In death as in life, the Pope favours simplicity
For a pope who embraced humility, shunned pomp and mistrusted tradition, it was an entirely fitting scene.
From the plain zinc-lined wooden coffin he had insisted on to the simple silver ring on his finger inside an unadorned chapel, everything about Pope Francis in death exuded the simplicity he had always shown in life.
On Wednesday at 9am Italian time, the coffin of the late Pope will be transferred to St Peter's Basilica to lie in state as the crowds file past.
But on Tuesday night, watched over by two halberd-clutching Swiss guardsmen, Pope Francis spent his last hours in the Casa Santa Maria, the functional, spartan hostel next to St Peter's which he had insisted on living in for the 12 years of his papacy. The splendour of the papal apartments in the Apostolic Palace was not for him; a simple room in a simple building would do him just fine.
As some of his closest colleagues looked on, the Irish-American Cardinal Kevin Farrell, the Pope's camerlengo, or chamberlain, read the rite declaring the pontiff's death, blessing his body in a quiet ceremony, quite possibly the last moment of peaceful reflection before Saturday's funeral.
It was Cardinal Farrell who, in accordance with tradition, removed and smashed the Ring of the Fisherman, the symbol of office that had adorned his finger throughout his papacy. He left in its place a simple band, adorned with a cross, that Pope Francis had worn during his 15-year tenure as Archbishop of Buenos Aires.
A plain black rosary wrapped around his fingers, the Pope lay in his casket dressed in a red chasuble, the traditional colour of papal mourning that denotes the love, passion and blood of Christ. Over it was placed the pallium, a white stole made from the wool of two lambs reared by Trappist monks. The pallium symbolises the lamb Christ carried on his shoulders in depictions of him as the Good Shepherd.
The white mitre was placed on his head, representing holiness and authority – a simpler form of the mitre with an orphrey of brilliant gold cloth that popes historically wore after their death.
The angular simplicity of the chapel itself also seemed suggestive of Pope Francis's misgivings about tradition.

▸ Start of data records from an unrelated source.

(* Let $G$ be any connected graph on $N\ge2$ vertices and, for $x\ge0$, let $$\rho_N(x)=\frac{\mathbb{1}+x|\psi_G\rangle\langle\psi_G|}{2^N+x}$$ be the maximally (globally) depolarized graph state. If $x\le 2$, equivalently if the fidelity $\langle\psi_G|\rho_N(x)|\psi_G\rangle=(1+x)/(2^N+x)$ is at most $3/(2^N+2)$, then $\rho_N(x)$ cannot be purified to $|\psi_G\rangle$ by any protocol.
   Context: Graph state $|\psi_G\rangle$: common $+1$ eigenstate of $K_i=X_i\prod_{\{i,j\}\in E_G}Z_j$ (equivalently $|+\rangle^{\otimes N}$ followed by controlled-phase gates along every edge). Purification: each qubit held by a distinct party holding that qubit from arbitrarily many copies; using SLOCC they must produce $|\psi_G\rangle$ with fidelity arbitrarily close to 1. Known input: a two-qubit Bell-diagonal state with weight $\lambda_{00}$ on the target Bell state is purifiable iff $\lambda_{00}>1/2$. *)

From mathcomp Require Import all_boot all_order all_algebra.
Set Implicit Arguments. Unset Strict Implicit. Unset Printing Implicit Defensive.
Import Order.TTheory GRing.Theory Num.Theory.
Local Open Scope ring_scope.

(* Computational basis of N qubits: z : 'I_N -> bool.  Operators on N qubits
   are given by their matrix entries in this basis. *)
Definition config (N : nat) := {ffun 'I_N -> bool}.
Definition op (C : numClosedFieldType) (N : nat) := config N -> config N -> C.

(* Graph state |psi_G> = prod_{edges} CZ |+>^N :
   amplitude (-1)^(#edges {i,j} with z_i = z_j = 1) / sqrt(2^N).
   Edges are counted once via i < j. *)
Definition edge_count N (e : rel 'I_N) (z : config N) : nat :=
  #|[set p : 'I_N * 'I_N | [&& (p.1 < p.2)%N, e p.1 p.2, z p.1 & z p.2]]|.

Definition graph_state (C : numClosedFieldType) N (e : rel 'I_N) : config N -> C :=
  fun z => (-1) ^+ edge_count e z / sqrtC (2 ^+ N).

Definition depolarized_graph_state (C : numClosedFieldType) N (e : rel 'I_N) (x : C)
  : op C N :=
  fun z z' => ((z == z')%:R + x * graph_state C e z * (graph_state C e z')^* )
              / (2 ^+ N + x).

(* n copies: party i holds qubit i of every copy, so a basis state of the
   n-copy system is S : 'I_N -> ('I_n -> bool); copy k is [ffun i => S i k]. *)
Definition copies_config (N n : nat) := {ffun 'I_N -> {ffun 'I_n -> bool}}.
Definition copy_k N n (S : copies_config N n) (k : 'I_n) : config N :=
  [ffun i => S i k].

Definition tensor_power (C : numClosedFieldType) N (rho : op C N) (n : nat)
  : copies_config N n -> copies_config N n -> C :=
  fun S S' => \prod_(k < n) rho (copy_k S k) (copy_k S' k).

(* SLOCC protocol on n copies: each party i applies a (single Kraus)
   linear map A i : (C^2)^{(x) n} -> C^2, with matrix entries A i b s. *)
Definition local_ops (C : numClosedFieldType) (N n : nat) :=
  'I_N -> bool -> {ffun 'I_n -> bool} -> C.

He was not ready to dispense with it entirely, nor did he see the point of embracing it for its own sake.
It is little wonder that in his last testament he chose an unorthodox resting place, requesting that his 'last earthly journey' end at the shrine of Santa Maria Maggiore, the Roman basilica he visited at the beginning and end of every apostolic trip he undertook during his papacy.
Here he will be laid in the earth in a plain, undecorated tomb bearing only the inscription 'Franciscus', in accordance with his wishes, near a Marian icon known as the Salus Populi Romani.
'I have always entrusted my life and episcopal ministry to the Mother of Our Lord, Mary Most Holy,' he wrote in his final testament.
'For this reason, I ask that my mortal remains rest awaiting the day of resurrection in the Basilica of Santa Maria Maggiore.'
Before the crowds are let in on Wednesday morning, Cardinal Farrell, who governs the Catholic Church during the sede vacante, the period during which there is no pope, will preside over the Liturgy of the Word, after which the doors of St Peter's will be opened.
Three days of lying in state will end on Friday evening, when the coffin will be closed after the Pope's face has been covered with a veil of white silk. As the coffin is sealed, the cardinals in attendance will sing Psalm 42, which begins: 'As the hart panteth after the water brooks, so panteth my soul after thee, O God.'
The funeral will take place on Saturday at 10am and will be presided over by Cardinal Giovanni Battista Re, the Dean of the College of Cardinals.